# War and beekeeping



## ursa_minor (Feb 13, 2020)

Those were interesting GregB, I subscribed to each, at least they might garner a little revenue from youtube to help in their future beekeeping efforts.

I noticed on the last video that some of the hives had possibly reeds or sticks making up the walls? Or am I mistaken.


----------



## Wil-7 (Sep 4, 2021)

So sad.


----------



## GregB (Dec 26, 2017)

ursa_minor said:


> Those were interesting GregB, I subscribed to each, at least they might garner a little revenue from youtube to help in their future beekeeping efforts.
> 
> *I noticed on the last video that some of the hives had possibly reeds or sticks making up the walls?

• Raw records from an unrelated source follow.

Lemma cpder_ccomb k c1 c2 u v : ctest D u -> ctest D v ->
  cpder k (ccomb c1 c2 u v) = ccomb c1 c2 (cpder k u) (cpder k v).
Proof.
move=> [ur [ui _]] [vr [vi _]].
have D_parts w : smooth (fun x => Re (w x)) -> smooth (fun x => Im (w x)) ->
    ((forall x, derivable (fun x => Re (w x)) x (e k)) /\
     'D_(e k) (fun x => Re (w x)) = fun x => Re (cpder k w x)) /\
    ((forall x, derivable (fun x => Im (w x)) x (e k)) /\
     'D_(e k) (fun x => Im (w x)) = fun x => Im (cpder k w x)).
  by move=> wr wi; split; split=> // x; [exact: (wr [::]).2|exact: (wi [::]).2].
have [[ur' ui'] [vr' vi']] := (D_parts _ ur ui, D_parts _ vr vi).
have [[_ Dr] [_ Di]] := ccomb_parts c1 c2 (derive_lin_closed (k := k)) ur' ui' vr' vi'.
apply: funext => x; apply/eqP; rewrite eq_complex; apply/andP; split; apply/eqP.
- exact: (congr1 (fun f => f x) Dr).
- exact: (congr1 (fun f => f x) Di).
Qed.

Lemma ctest_L2 u : ctest D u -> L2 D u.
Proof. by move=> [ur [ui _]]; apply: continuous_L2; [exact: (ur [::]).1|exact: (ui [::]).1]. Qed.

Lemma cpder_L2 k u : ctest D u -> L2 D (cpder k u).
Proof.
by move=> [ur [ui _]]; apply: continuous_L2; [exact: (ur [:: k]).1|exact: (ui [:: k]).1].
Qed.

Lemma ibp_lin_closed (h1 h2 : V -> R) : sqr_integrable h1 -> sqr_integrable h2 ->
  real_lin_closed (fun f g => [/\ sqr_integrable f, sqr_integrable g &
    rint D (fun x => f x * h1 x) = - rint D (fun x => g x * h2 x)]).
Proof.
move=> S1 S2 a b f f' g g' [Sf Sf' ef] [Sg Sg' eg].
split; try exact: sqr_integrable_lin.
have distr (F G h : V -> R) :
    (fun x => (a * F x + b * G x) * h x) = fun x => a * (F x * h x) + b * (G x * h x).
  by apply: funext => x; ring.
rewrite !distr !rint_lin ?ef ?eg; try exact: rintegrable_mul.
by ring.
Qed.

Lemma weak_grad_ccomb c1 c2 u v wu wv : L2 D u -> L2 D v ->
  weak_grad D u wu -> weak_grad D v wv ->
  weak_grad D (ccomb c1 c2 u v) (fun k => ccomb c1 c2 (wu k) (wv k)).
Proof.
move=> Lu Lv gu gv k; have [Lwu pu] := gu k; have [Lwv pv] := gv k.
split=> [|psi tpsi]; first exact: L2_ccomb.
have [[cpsi _] [cDpsi _]] := (tpsi.1 [::], tpsi.1 [:: k]).
have ibp_parts w ww : L2 D w -> L2 D ww -> weak_partial D k w ww ->
    let P := fun f g => [/\ sqr_integrable f, sqr_integrable g &
      rint D (fun x => f x * 'D_(e k) psi x) = - rint D (fun x => g x * psi x)] in
    P (fun x => Re (w x)) (fun x => Re (ww x)) /\ P (fun x => Im (w x)) (fun x => Im (ww x)).
  move=> /L2E[wr wi] /L2E[wwr wwi] /(_ psi tpsi)[er ei]; by split; split.
have [ur ui] := ibp_parts _ _ Lu Lwu pu; have [vr vi] := ibp_parts _ _ Lv Lwv pv.
have ibp := ibp_lin_closed (continuous_sqr_integrable cDpsi) (continuous_sqr_integrable cpsi).
by have [[_ _ ?] [_ _ ?]] := ccomb_parts c1 c2 ibp ur ui vr vi.
Qed.

Lemma H10_ccomb c1 c2 u v : H10 D u -> H10 D v -> H10 D (ccomb c1 c2 u v).
Proof.
move=> [Lu [wu [gu [psu [tpsu cvu]]]]] [Lv [wv [gv [psv [tpsv cvv]]]]].
split; first exact: L2_ccomb.
exists (fun k => ccomb c1 c2 (wu k) (wv k)); split; first exact: weak_grad_ccomb.
exists (fun n => ccomb c1 c2 (psu n) (psv n)); split=> [n|]; first exact: ctest_ccomb.
pose d1 n := H1dist2 D (psu n) (fun k => cpder k (psu n)) u wu.
pose d2 n := H1dist2 D (psv n) (fun k => cpder k (psv n)) v wv.
have bound_cvg :
    (fun n => (2 * abs2 c1)%:E * d1 n + (2 * abs2 c2)%:E * d2 n)%E @ \oo --> 0%E.
  have -> : 0%E = ((2 * abs2 c1)%:E * 0 + (2 * abs2 c2)%:E * 0)%E by rewrite !mule0 adde0.
  by apply: cvgeD; [rewrite !mule0|exact: cvgeZl|exact: cvgeZl].
apply: squeeze_cvge (cvg_cst 0%E) bound_cvg; apply: filterE => n.
rewrite H1dist2_ge0 /= /d1 /d2.
under [X in H1dist2 _ _ X _ _]eq_fun do rewrite cpder_ccomb //.
by apply: H1dist2_ccomb_le => // [||k|k|k|k];
  [exact: ctest_L2|exact: ctest_L2|exact: cpder_L2|exact: cpder_L2|exact: (gu k).1|exact: (gv k).1].
Qed.

Lemma rintegrable_ReMc u v : L2 D u -> L2 D v ->
  rintegrable (fun x => Re (u x * (v x)^*)).
Proof.
move=> /L2E[ur ui] /L2E[vr vi].
have := rintegrable_lin 1 1 (rintegrable_mul ur vr) (rintegrable_mul ui vi).
by apply: eq_integrable => // x _ /=; case: (u _) (v _) => [? ?] [? ?] /=; congr EFin; ring.
Qed.

Lemma L2re_linl (a : R) u v w : L2 D u -> L2 D v -> L2 D w ->
  L2re D (fun x => (a%:C)%C * u x + v x) w = a * L2re D u w + L2re D v w.
Proof.
move=> Lu Lv Lw; rewrite -[L2re D v w]mul1r /L2re /= -rint_lin; try exact: rintegrable_ReMc.
congr rint; apply: funext => x.
by case: (u x) (v x) (w x) => [? ?] [? ?] [? ?] /=; ring.
Qed.

Lemma L2re_linr (a : R) u v w : L2 D u -> L2 D v -> L2 D w ->
  L2re D u (fun x => (a%:C)%C * v x + w x) = a * L2re D u v + L2re D u w.
Proof.
move=> Lu Lv Lw; rewrite -[L2re D u w]mul1r /L2re /= -rint_lin; try exact: rintegrable_ReMc.
congr rint; apply: funext => x.
by case: (u x) (v x) (w x) => [? ?] [? ?] [? ?] /=; ring.
Qed.

Lemma rintN f : rintegrable f -> rint D (fun x => - f x) = - rint D f.
Proof.
move=> If; rewrite -[RHS]addr0 -(mul0r (rint D f)) -mulN1r -rint_lin //.
by congr rint; apply: funext => x; ring.
Qed.

Lemma imulE (u : V -> R[i]) : imul u = ccomb 'i 0 u u.
Proof. by apply: funext => x; rewrite /ccomb mul0r addr0. Qed.

Lemma cint_mulc_eq0 u z : L2 D u -> L2 D z ->
  cint D (fun x => u x * (z x)^*) = 0 <-> L2re D z u = 0 /\ L2re D (imul u) z = 0.
Proof.
move=> Lu Lz.
have ReE : rint D (fun x => Re (u x * (z x)^*)) = L2re D z u.
  by congr rint; apply: funext => x; case: (u x) (z x) => [? ?] [? ?] /=; ring.
have ImE : rint D (fun x => Im (u x * (z x)^*)) = - L2re D (imul u) z.
  rewrite -rintN; last by apply: rintegrable_ReMc => //; by rewrite imulE; exact: L2_ccomb.
  by congr rint; apply: funext => x; rewrite /imul; case: (u x) (z x) => [? ?] [? ?] /=; ring.
rewrite /cint ReE ImE; split=> [/eqP|[-> ->]]; last by rewrite oppr0.
by rewrite eq_complex /= oppr_eq0 => /andP[/eqP ? /eqP ?].
Qed.

Lemma H10_axpy (a : R) z w : H10 D z -> H10 D w -> H10 D (fun x => (a%:C)%C * z x + w x).
Proof.
move=> Hz Hw; have := H10_ccomb (a%:C)%C 1 Hz Hw.
by congr H10; apply: funext => x; rewrite /ccomb mul1r.
Qed.

Lemma H10_imul u : H10 D u -> H10 D (imul u).
Proof. by move=> Hu; rewrite imulE; exact: H10_ccomb. Qed.

Lemma H10_zero u : H10 D u -> H10 D (fun=> 0).
Proof.
move=> Hu; have := H10_ccomb 0 0 Hu Hu.
by congr H10; apply: funext => x; rewrite /ccomb !mul0r addr0.
Qed.

Lemma L2re0r u : L2re D u (fun=> 0) = 0.
Proof. by rewrite -rint0; congr rint; apply: funext => x /=; rewrite conjC0 mulr0. Qed.

Section Horizontal.
Variables (p : nat) (N : 'I_p -> R) (phi : 'I_p -> V -> R[i]).
Variable Gpair : 'I_p -> (V -> R[i]) -> (V -> R[i]) -> R.
Hypothesis N_gt0 : forall j, 0 < N j.
Hypothesis phi_oblique : oblique D N phi.
Hypothesis Gpair_op : forall j, op_H10_Hm1 D (Gpair j).
Hypothesis g_riemannian : riemannian_at D (prod_metric Gpair) phi.

Local Notation psi j := (imul (phi j)).
Local Notation zero := (fun=> 0 : R[i]).

Let phi_H10 j : H10 D (phi j) := (phi_oblique j).1.
Let psi_H10 j : H10 D (psi j) := H10_imul (phi_H10 j).

Lemma tangent_axpy j (a : R) z w : tangent_sphere D (phi j) z ->
  tangent_sphere D (phi j) w -> tangent_sphere D (phi j) (fun x => (a%:C)%C * z x + w x).
Proof.
move=> [Hz tz] [Hw tw]; split; first exact: H10_axpy.
change (L2re D (fun x => (a%:C)%C * z x + w x) (phi j) = 0).
rewrite L2re_linl; [|exact: Hz.1|exact: Hw.1|exact: (phi_H10 j).1].
by rewrite [L2re D z _]tz [L2re D w _]tw mulr0 addr0.
Qed.

Lemma tangent_zero j : tangent_sphere D (phi j) zero.
Proof.
split; first exact: H10_zero (phi_H10 j).
by rewrite -rint0; congr rint; apply: funext => x; rewrite mul0r.
Qed.

Lemma tangent_imul j : tangent_sphere D (phi j) (psi j).
Proof.
split=> //; rewrite -rint0; congr rint; apply: funext => x.
by rewrite /imul; case: (phi j x) => ? ? /=; ring.
Qed.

Or am I mistaken.*


Yes.
Reeds.


----------



## Manu73 (12 mo ago)

Curious









Bees defuse Russian grenade trap in northern Ukraine: report


Bees living in a hive in northern Ukraine have neutralised a deadly grenade trap set by Russian troops, potentially saving lives, according to local media reports.



www.polskieradio.pl


----------



## Wil-7 (Sep 4, 2021)

No way!


----------



## GregB (Dec 26, 2017)

Manu73 said:


> Curious
> .............


Makes sense.
The a$$holes thought of themselves being smart and original - trying to kill a beekeeper (who else?).
The a$$holes underestimated how the bees will propolize everything, including the grenades.


----------



## William Bagwell (Sep 4, 2019)

GregB said:


> underestimated how the bees will propolize everything, including the grenades.

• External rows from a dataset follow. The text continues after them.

(* Let $G=(V,E)$ be a finite simple graph with $|E|=2|V|-3$. Then the graphic matroid of $G$ has a rainbow circuit-free coloring using each color at most twice if and only if $G$ can be constructed from $K_2$ (a single edge) by a sequence of (H0) operations.
   Context: The graphic matroid of $G$ has ground set $E$, independent sets being the edge sets of forests; its circuits are the edge sets of cycles. A coloring of $E$ is a partition into nonempty color classes; it is rainbow circuit-free if no cycle of $G$ has all its edges of pairwise different colors. The (H0) operation on a graph adds a new vertex $z$ together with edges $uz$ and $vz$, where $u,v$ are two distinct already existing vertices. *)

From mathcomp Require Import all_boot.
Set Implicit Arguments. Unset Strict Implicit. Unset Printing Implicit Defensive.

Section Graphs.
Variable T : finType.

(* A finite simple graph on vertex set T: e symmetric and irreflexive.
   Its edge set: the 2-element vertex sets {x,y} with e x y. *)
Definition edges (e : rel T) : {set {set T}} :=
  [set A : {set T} | [exists x : T, exists y : T, e x y && (A == [set x; y])]].

Definition cycle_edges (s : seq T) : {set {set T}} :=
  [set [set x; next s x] | x in s].

Definition is_graph_cycle (e : rel T) (s : seq T) : Prop :=
  ucycle e s /\ 2 < size s.

(* A set of edges C is rainbow w.r.t. the colouring (partition) P:
   its edges have pairwise different colours. *)
Definition rainbow (P : {set {set {set T}}}) (C : {set {set T}}) : Prop :=
  forall B, B \in P -> #|B :&: C| <= 1.

(* Rainbow-circuit-free colouring of the graphic matroid of G:
   a partition of E(G) into nonempty classes with no rainbow cycle. *)
Definition rcf_coloring (e : rel T) (P : {set {set {set T}}}) : Prop :=
  partition P (edges e) /\
  forall s, is_graph_cycle e s -> ~ rainbow P (cycle_edges s).

Definition colors_at_most_twice (P : {set {set {set T}}}) : Prop :=
  forall B, B \in P -> #|B| <= 2.

Inductive H0_constructible : {set T} -> {set {set T}} -> Prop :=
  | H0_K2 u v : u != v -> H0_constructible [set u; v] [set [set u; v]]
  | H0_step V E z u v :
      H0_constructible V E -> z \notin V -> u \in V -> v \in V -> u != v ->
      H0_constructible (z |: V) ([set z; u] |: ([set z; v] |: E)).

Obviously what bees do, but the pictures do not match. Hive appears to be dead and the grenades are clean. Recreation perhaps?


----------



## GregB (Dec 26, 2017)

William Bagwell said:


> Obviously what bees do, but the pictures do not match. *Hive appears to be dead and the grenades are clean.* Recreation perhaps?


But of course the hive is alive.
Look again.


----------



## William Bagwell (Sep 4, 2019)

GregB said:


> But of course the hive is alive.
> Look again.


Ah, the Twitter photos can be enlarged. Also obvious some of the photos were made after the booby trap was partially disassembled.


----------



## GregB (Dec 26, 2017)

Another yard just moved away from the war zone (near Kherson).
At 1:06 you can see a hive damaged by shrapnel.

(624) Восстановление пасеки после частичного уничтожения! Порядок работ - YouTube


----------



## GregB (Dec 26, 2017)

Another case - the hives never opened the season 2022.
What you see is the very first visit (video posted on Nov. 2).
The long hives are still configured for the last winter.

(746) СЕЗОН БЕЗ ПЧЕЛОВОДА !!! Что с пчелами ? - YouTube


----------



## ursa_minor (Feb 13, 2020)

I noticed how he used an empty frame as a shim, I never thought of that. It is also a good example of one of the benefits of a cloth cover as the bees could not build comb that would attach to the roof. Nice video.


----------



## GregB (Dec 26, 2017)

A sad one.
One of beekeepers I took ideas from - broodless treatment is one.
He is one of the queen insulation management advocates.
(749) Моя пасека осенью после руzкой весны. - YouTube

Added - looks like this fellow spent some time in Georgia (not GA, US).
Unsure of his whereabout now, need to review his channel

Very cool footage from Georgia (home of Gray Caucasian bees); check out the log hives.
(749) Школа "Творческого пчеловодства в Грузии. - YouTube


----------



## GregB (Dec 26, 2017)

Another blogger from Ukraine put up an episode - bees without the keeper for 6 months.

Short resume - three colonies reviewed - no honey (potential starvation death).
Then the fourth colony in the row - packed full.

This to me is an indication of something similar to what I see also.
Some bees are not a good fit locally - if left alone, they cannot provide for themselves.

But others are a good fit - if on the same stand and using the same forage they manage well.
This issue gets regularly masked by the general love to bee feeding and carrying on the locally unfit bees (that should be selected out).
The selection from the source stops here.